Para · Post by **Para** » Fri Jan 05, 2007 5:34 pm

this is a really crude step, not pretty but effective.

55. No 6 in R5C3:
55a. R5C3=6 -->> R5C9= 1 -->> R4C89 no 7 (14(4) = {2345})
R5C3=6 -->> R6C7=6; R5C7=5; R4C7=3 -->> R4C3=1; R6C3=7 -->> R6C89 no 7. No place for 7 in N6. So no 6 in R5C3
55b. 6 locked in R5 for N6. No 6 anywhere else in N6.
55c.
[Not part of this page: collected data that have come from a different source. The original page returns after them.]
(* Let $\mathscr{O}$ be an operad in $\mathbbm{k}$-vector spaces and $\mu\in\mathscr{O}(2)$ satisfy the right Leibniz condition. Then: (1) The full subcategory $\mathcal{F}^\mu_{\mathscr{O}}\subset\mathcal{F}_{\mathscr{O}}$ is closed under the formation of subobjects, quotients and direct sums. (2) If $0\to F_1\to F_2\to F_3\to 0$ is a short exact sequence in $\mathcal{F}_{\mathscr{O}}$ with $F_1,F_3\in\mathcal{F}^\mu_{\mathscr{O}}$, then $\widetilde{\mu}_{F_2}:\delta F_2\to F_2$ factors canonically as $\delta F_2\twoheadrightarrow\delta F_3\to F_1\hookrightarrow F_2$, where the first map is $\delta(F_2\twoheadrightarrow F_3)$ and the last is the inclusion. In particular, $F_2\in\mathcal{F}^\mu_{\mathscr{O}}$ if and only if the morphism $\delta F_3\to F_1$ is zero.
   Context: $\mathbf{Cat}\,\mathscr{O}$ is the $\mathbbm{k}$-linear PROP associated to $\mathscr{O}$ (objects $\mathbb{N}$, $\mathbf{Cat}\,\mathscr{O}(m,n)=\bigoplus_{f:\{1..m\}\to\{1..n\}}\bigotimes_i\mathscr{O}(|f^{-1}(i)|)$, $\boxplus$ = addition on objects); $\mathcal{F}_{\mathscr{O}}$ is the abelian category of $\mathbbm{k}$-linear functors $\mathbf{Cat}\,\mathscr{O}\to\mathbbm{k}$-vector spaces. $\delta F(n)=F(n+1)$, $\xi$ acting by $F(\xi\boxplus\mathrm{Id}_1)$ ($\delta$ is exact). For $1\le i\le n$, $\mu_i(n)\in\mathbf{Cat}\,\mathscr{O}(n+1,n)$ is given by the map $j\mapsto j$ ($j\le n$), $n+1\mapsto i$, identity on singleton fibres and $\mu$ with inputs $(i,n+1)$ over $i$. The right Leibniz condition: $\mu\circ(\nu\boxplus\mathrm{Id}_1)=\nu\circ\sum_i\mu_i(n)$ in $\mathscr{O}(n+1)$ for all $n$, $\nu\in\mathscr{O}(n)$; under it the maps $\widetilde\mu_F(n)=F(\sum_i\mu_i(n))$ form a natural transformation $\widetilde\mu_F:\delta F\to F$, natural in $F$. $\mathcal{F}^\mu_{\mathscr{O}}$ is the full subcategory of $F$ with $\widetilde\mu_F=0$. *)

From Stdlib Require List.
From HB Require Import structures.
From mathcomp Require Import all_boot all_order all_algebra all_fingroup.
Set Implicit Arguments. Unset Strict Implicit. Unset Printing Implicit Defensive.
Import GRing.Theory.
Local Open Scope ring_scope.

(* Operads in K-vector spaces, in the "partial composition" presentation.     *)
(* Indices are 0-based.  Conventions (the endomorphism-operad model):        *)
(*   (x . s)(v_0,..,v_{n-1})      = x(v_{s 0},..,v_{s (n-1)})  (right action)*)
(*   (x o_i y)(v_0,..)            = x(v_0,..,v_{i-1}, y(v_i,..,v_{i+m-1}),..)*)
Record operad (K : fieldType) := Operad {
  ob : nat -> lmodType K;
  oact : forall n, 'S_n -> ob n -> ob n;
  ocomp : forall l m, nat -> ob l -> ob m -> ob (l + m - 1)%N;
  ounit : ob 1 }.

Section Defs.
Variables (K : fieldType) (O : operad K).

Definition ops := {a : nat & ob O a}.
Definition op_ a (x : ob O a) : ops := existT (fun a => ob O a) a x.

(* transport along an equality of arities (0 when arities differ: never used) *)
Definition ocast a b (x : ob O a) : ob O b :=
  match @eqP _ a b with
  | ReflectT e => eq_rect a (ob O) x b e
  | ReflectF _ => 0
  end.

Definition pcomp (i : nat) (x y : ops) : ops :=
  op_ (@ocomp K O (tag x) (tag y) i (projT2 x) (projT2 y)).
No 5 in R5C7 -->> 5 locked in N6 for R6 no 5 anywhere else in R6

Nasenbaer · Post by **Nasenbaer** » Fri Jan 05, 2007 5:37 pm

56. N3 : 6,9 locked in 30(5) = 69{258|348|357} -> no 1 -> 1 locked in r23c9 for N3 and c9 -> no 7 in r8c7 -> N36 : 14(4) = {1247}

57. -> N6 : 9(2) = {36} -> 3,6 locked for N6 and r5 -> r4c7 = 1 -> r4c3 = 3

58. r5 : r5c4 = {24} -> 6(2) = {15} -> 1,5 locked for N4 and r5

59. r5 : 19(3) = 8{29|47} -> 8 locked in 19(3) for N5 and r5

60. -> r4c45 = {56} -> 24(4) in N25 = {4569} -> 5,6 locked for r4 and N5

Edit: Overlapping posts, cleaned up, reposted.